Robert Freedland has over 40 years of investment experience and is a full-time optical surgeon. He uses his expertise in the medical field to help select healthcare stocks. In investing, Robert utilizes two divergent strategies for identifying new names for inclusion.
In strong market environments, he searches for companies with both price and earnings momentum making strong moves higher. During more difficult times, he concentrates on larger companies with proven strategies of dominating their industry that he believes can continue to succeed in future financial environments.
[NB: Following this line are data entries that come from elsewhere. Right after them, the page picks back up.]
(* Let $d,k$ be integers with $2 \leq d \leq \frac{k+1}{2}$, let $\Sigma_k=\{\sigma_1,\ldots,\sigma_k\}$ and $\Sigma_d=\{\sigma_1,\ldots,\sigma_d\}$. Consider two users over the alphabet $\Sigma_k$, where user 1 has confusion graph $G_1=(\Sigma_k,\{ab \mid a\in\Sigma_k,\ b\in\Sigma_k\setminus\Sigma_d,\ a\neq b\})$ and user 2 has the complement confusion graph $G_2=\overline{G_1}=(\Sigma_k,\{ab\mid a,b\in\Sigma_d,\ a\neq b\})$. Then for every $\alpha\in[0,1]$ the rate vector $(\alpha\log_2 d,\ (1-\alpha)\log_2(k-d+1))$ is optimal.
   Context: Setting: a sender broadcasts a word of length $n$ over a finite alphabet $\Sigma$ to $r$ users; user $i$ has a confusion graph $G_i$ on vertex set $\Sigma$, where $ab$ is an edge iff user $i$ cannot distinguish letters $a$ and $b$. Two words $x,y\in\Sigma^n$ are distinguishable by user $i$ if there is a coordinate $t$ with $x_t\neq y_t$ and $x_ty_t$ not an edge of $G_i$. A vector $(m_1,\ldots,m_r)$ of positive integers is feasible for length $n$ if there is a map $E:[m_1]\times\cdots\times[m_r]\to\Sigma^n$ such that for every $i$ and all tuples $a,a'$ with $a_i\neq a'_i$, the words $E(a)$ and $E(a')$ are distinguishable by user $i$. A rate vector $(R_1,\ldots,R_r)$ is feasible if there is a sequence of feasible vectors $(m_1^{(n)},\ldots,m_r^{(n)})$ for lengths $n\to\infty$ with $R_i=\lim_{n\to\infty}\frac{\log_2 m_i^{(n)}}{n}$ for all $i$. For two users, a rate vector is optimal if it is feasible and no user can increase his rate while the other user keeps the same rate. *)

From mathcomp Require Import all_boot.
From Stdlib Require Import Reals.

Set Implicit Arguments.
Unset Strict Implicit.
Unset Printing Implicit Defensive.

Definition word (Sigma : finType) (n : nat) := 'I_n -> Sigma.

Definition distinguishable (Sigma : finType) (G : rel Sigma) (n : nat)
  (x y : word Sigma n) : Prop :=
  exists t : 'I_n, x t != y t /\ ~~ G (x t) (y t).

Definition feasible_vec (Sigma : finType) (G1 G2 : rel Sigma) (n m1 m2 : nat)
  : Prop :=
  (0 < m1)%N /\ (0 < m2)%N /\
  exists E : 'I_m1 -> 'I_m2 -> word Sigma n,
    forall (a1 a1' : 'I_m1) (a2 a2' : 'I_m2),
      (a1 <> a1' -> distinguishable G1 (E a1 a2) (E a1' a2')) /\
      (a2 <> a2' -> distinguishable G2 (E a1 a2) (E a1' a2')).

Definition log2 (x : R) : R := (ln x / ln 2)%R.

Definition feasible_rate (Sigma : finType) (G1 G2 : rel Sigma) (R1 R2 : R)
  : Prop :=
  exists m1 m2 : nat -> nat,
    (forall n, feasible_vec G1 G2 n (m1 n) (m2 n)) /\
    Un_cv (fun n => (log2 (INR (m1 n)) / INR n)%R) R1 /\
    Un_cv (fun n => (log2 (INR (m2 n)) / INR n)%R) R2.

Definition optimal_rate (Sigma : finType) (G1 G2 : rel Sigma) (R1 R2 : R)
  : Prop :=
  feasible_rate G1 G2 R1 R2 /\
  (forall R1', (R1 < R1')%R -> ~ feasible_rate G1 G2 R1' R2) /\
  (forall R2', (R2 < R2')%R -> ~ feasible_rate G1 G2 R1 R2').

(* Alphabet Sigma_k = 'I_k (sigma_{i+1} <-> i), Sigma_d = {i | i < d}. *)
Definition G1_graph (k d : nat) : rel 'I_k :=
  fun a b => (a != b) && ((d <= a)%N || (d <= b)%N).
Definition G2_graph (k d : nat) : rel 'I_k :=
  fun a b => (a != b) && (a < d)%N && (b < d)%N.
Arguments G1_graph : clear implicits.
Arguments G2_graph : clear implicits.
Lemma center_grading (Z : lmodType K) (parZ : bool -> Z -> Prop) (iota : Z -> L) :
  is_center_of parL brL parZ iota -> grading parZ.
Proof.
case=> li inj cent parZE; have grL : grading parL by case: HL.
split.
- by move=> i; apply/parZE; rewrite (lin0 li); apply: grading0.
- move=> i a u v /parZE pu /parZE pv; apply/parZE; rewrite li.
  by case: grL => _ comb _ _; apply: comb.
- move=> z /parZE p0 /parZE p1; apply: inj.
  by rewrite (lin0 li) (grading_eq0 grL p0 p1).
- move=> z; have [v0 [v1 [p0 p1 z_def]]] := grading_decomp grL false (iota z).
  have cz : center brL (iota z) by apply/cent; exists z.
  have [/cent[z0 z0_def] /cent[z1 z1_def]] := center_components cz p0 p1 z_def.
  exists z0, z1; split; [apply/parZE; rewrite z0_def // | apply/parZE; rewrite z1_def // |].
  by apply: inj; rewrite linD // z0_def z1_def.
Qed.

End Center.

Section PairAlgebra.
Variables (K : fieldType) (Z Q : lmodType K).
Variables (parZ : bool -> Z -> Prop) (parQ : bool -> Q -> Prop) (brQ : Q -> Q -> Q).
Hypothesis grZ : grading parZ.
Implicit Types (r s : Q -> Q -> Z) (mu : Q -> Q) (nu : Z -> Z) (delta : Q -> Z).

Local Notation pair_hom r s :=
  (superLie_hom (pair_par parZ parQ) (pair_br brQ r) (pair_par parZ parQ) (pair_br brQ s)).

Lemma pair_addE (x y : Z) (a b : Q) : (x, a) + (y, b) = (x + y, a + b).
Proof. by []. Qed.

Lemma pair_scaleE (k : K) (x : Z) (a : Q) : k *: (x, a) = (k *: x, k *: a).
Proof. by []. Qed.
When examining companies, Robert says he:
looks for persistence of revenue growth, earnings growth, dividend growth if possible, stable outstanding shares, positive and possibly growing free cash flow, and balance sheets with greater current assets than current liabilities. Technically, any company included should be reasonably expected to continue or move higher. All investments will continue to be managed with limiting losses after initial purchases to predetermined levels by selling complete positions should those holdings decline to 8% or similar loss level, and selling portions of holdings as they appreciate to realize gains to offset possible realized losses. These sales on the downside or upside will also be the source of market signals that will determine whether the portfolio will be moving into more cash or adding new positions except at the extremes of the portfolio which will be at 5 holdings minimum and 20 holdings maximum.
Robert got started investing at the age of 13 when he took $300 of savings and purchased five shares of Global Marine upon the advice of his soon-to-be brother-in-law. Previously, Robert had been inspired by his father who often asked Robert to read the stock prices to him as he had a hard time reading them.
Robert was soon captivated by the investment world and bought small holdings of diverse stock of companies like Jones & Laughlin Steel, I.C. Industries, and many other names no longer still trading as free-standing companies. Robert continued to invest small amounts through high school, college, medical school and read as many financial investment magazines and books as he could find.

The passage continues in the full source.